(* Let $D$ denote the set of variable network games $(v,\rho)\in\mathbb V^N\times\mathbb P^N$ such that $v$ is component additive. Then: (i) the Expected Position Value $\Psi^p$ is an allocation rule on the class of variable network games which, on $D$, satisfies component balance and the balanced link contributions property; and (ii) if $\Psi\colon\mathbb V^N\times\mathbb P^N\to\mathbb R^N$ is any allocation rule on the class of variable network games satisfying component balance and the balanced link contributions property for all $(v,\rho)\in D$, then $\Psi(v,\rho)=\Psi^p(v,\rho)$ for all $(v,\rho)\in D$. That is, $\Psi^p$ is the unique allocation rule on the class of component additive variable network games that satisfies component balance and the balanced link contributions property.
   Context: $N=\{1,\dots,n\}$ is a finite player set. A link is an unordered pair $ij=\{i,j\}$ of distinct players; $g_N$ is the set of all links; a network is any $g\subseteq g_N$; $\mathbb G^N$ is the set of all networks. For $g\in\mathbb G^N$: $N_i(g)=\{j\ne i: ij\in g\}$, $L_i(g)=\{ij\in g\}$ (links of $i$ in $g$), $N(g)=\bigcup_i N_i(g)$, and $N_0(g)=N\setminus N(g)$ (isolated players). $g+ij=g\cup\{ij\}$, $g-ij=g\setminus\{ij\}$. A component of $g$ is a nonempty subnetwork $h\subseteq g$ that is connected (any two players of $N(h)$ are joined by a path in $h$) and maximal (if $i\in N(h)$ and $ij\in g$ then $ij\in h$); $C(g)$ is the set of components of $g$. A network formation probability distribution is a map $\rho\colon\mathbb G^N\to[0,1]$ with $\sum_g\rho(g)=1$; $\mathbb P^N$ is the set of these. $\mathbb G(\rho)=\{g:\rho(g)>0\}$, and the extent is $g(\rho)=\bigcup_{g\in\mathbb G(\rho)}g$. For a network $g$, the restriction $\rho_g\in\mathbb P^N$ is $\rho_g(h)=\sum_{h'\subseteq g_N\setminus g}\rho(h\cup h')$ if $h\subseteq g$ and $\rho_g(h)=0$ otherwise. For a link $ij$, $\rho^{-ij}=\rho_{g_N-ij}$. A network game is $v\colon\mathbb G^N\to\mathbb R$ with $v(\varnothing)=0$; $\mathbb V^N$ is the set of these. $v$ is component additive if $v(g)=\sum_{h\in C(g)}v(h)$ for all $g$. A variable network game is a pair $(v,\rho)\in\mathbb V^N\times\mathbb P^N$. An allocation rule on the class of variable network games is a map $\Psi\colon\mathbb V^N\times\mathbb P^N\to\mathbb R^N$ with $\Psi_i(v,\rho)=0$ for every $i\in N_0(g(\rho))$. It is component balanced (on $(v,\rho)$ with $v$ component additive) if for every $h\in C(g(\rho))$: $\sum_{i\in N(h)}\Psi_i(v,\rho)=\sum_{g\in\mathbb G(\rho)}\rho(g)\,v(g\cap h)$. It satisfies the balanced link contributions property if for all players $i\neq j$: $\sum_{jk\in L_j(g(\rho))}[\Psi_i(v,\rho)-\Psi_i(v,\rho^{-jk})]=\sum_{ik\in L_i(g(\rho))}[\Psi_j(v,\rho)-\Psi_j(v,\rho^{-ik})]$. The Position Value for network games is $Y^p_i(v,g)=\tfrac12\sum_{ij\in g}\sum_{h\subseteq g-ij}\frac{\#h!\,(\#g-\#h-1)!}{\#g!}\,(v(h+ij)-v(h))$. The Expected Position Value is $\Psi^p(v,\rho)=\sum_{g\in\mathbb G^N}\rho(g)\,Y^p(v,g)$. *)

From HB Require Import structures.
From mathcomp Require Import all_boot all_order all_algebra.
Set Implicit Arguments. Unset Strict Implicit. Unset Printing Implicit Defensive.
Import Order.TTheory GRing.Theory Num.Theory.
Local Open Scope ring_scope.

(* Players N = {1,...,n} are represented by 'I_n.
   A link is an unordered pair {i,j} of distinct players: a 2-element subset. *)
Definition link (n : nat) := {s : {set 'I_n} | #|s| == 2%N}.

(* A network is any set of links; the complete network g_N is [set: link n]. *)
Definition network (n : nat) := {set link n}.

Section Defs.
Variables (n : nat) (R : realFieldType).

Definition nbrs (g : network n) (i : 'I_n) : {set 'I_n} :=
  [set j | (j != i) && [exists l in g, val l == [set i; j]]].
Definition links_of (g : network n) (i : 'I_n) : network n :=
  [set l in g | i \in val l].
Definition players (g : network n) : {set 'I_n} :=
  \bigcup_(i : 'I_n) nbrs g i.
Definition isolated (g : network n) : {set 'I_n} := ~: players g.

Definition adj (h : network n) : rel 'I_n :=
  fun i j => [exists l in h, val l == [set i; j]] && (i != j).

Definition is_component (g h : network n) : bool :=
  [&& h != set0, h \subset g,
      [forall i in players h, forall j in players h, connect (adj h) i j] &
      [forall i in players h, forall l in g, (i \in val l) ==> (l \in h)]].
Definition components (g : network n) : {set network n} :=
  [set h | is_component g h].

Definition is_game (v : network n -> R) : Prop := v set0 = 0.
Definition component_additive (v : network n -> R) : Prop :=
  forall g, v g = \sum_(h in components g) v h.

Definition is_prob (rho : network n -> R) : Prop :=
  (forall g, 0 <= rho g <= 1) /\ \sum_(g : network n) rho g = 1.

Definition extent (rho : network n -> R) : network n :=
  \bigcup_(g : network n | 0 < rho g) g.

Definition restrict (rho : network n -> R) (g : network n) : network n -> R :=
  fun h => if h \subset g then
             \sum_(h' : network n | h' \subset ~: g) rho (h :|: h')
           else 0.

Definition remove_link (rho : network n -> R) (l : link n) : network n -> R :=
  restrict rho ([set: link n] :\ l).

Definition alloc := (network n -> R) -> (network n -> R) -> 'I_n -> R.

Definition is_allocation_rule (Psi : alloc) : Prop :=
  forall v rho, is_game v -> is_prob rho ->
    forall i, i \in isolated (extent rho) -> Psi v rho i = 0.

Definition in_D (v rho : network n -> R) : Prop :=
  [/\ is_game v, is_prob rho & component_additive v].

Definition component_balanced (Psi : alloc) (v rho : network n -> R) : Prop :=
  forall h, h \in components (extent rho) ->
    \sum_(i in players h) Psi v rho i =
    \sum_(g : network n | 0 < rho g) rho g * v (g :&: h).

### Work item
Retype the lines beginning at the one containing "restrict rho ([set: link n] :\ l)." and ending at the final line of the material, both included.

### Result for this task
  restrict rho ([set: link n] :\ l).

Definition alloc := (network n -> R) -> (network n -> R) -> 'I_n -> R.

Definition is_allocation_rule (Psi : alloc) : Prop :=
  forall v rho, is_game v -> is_prob rho ->
    forall i, i \in isolated (extent rho) -> Psi v rho i = 0.

Definition in_D (v rho : network n -> R) : Prop :=
  [/\ is_game v, is_prob rho & component_additive v].

Definition component_balanced (Psi : alloc) (v rho : network n -> R) : Prop :=
  forall h, h \in components (extent rho) ->
    \sum_(i in players h) Psi v rho i =
    \sum_(g : network n | 0 < rho g) rho g * v (g :&: h).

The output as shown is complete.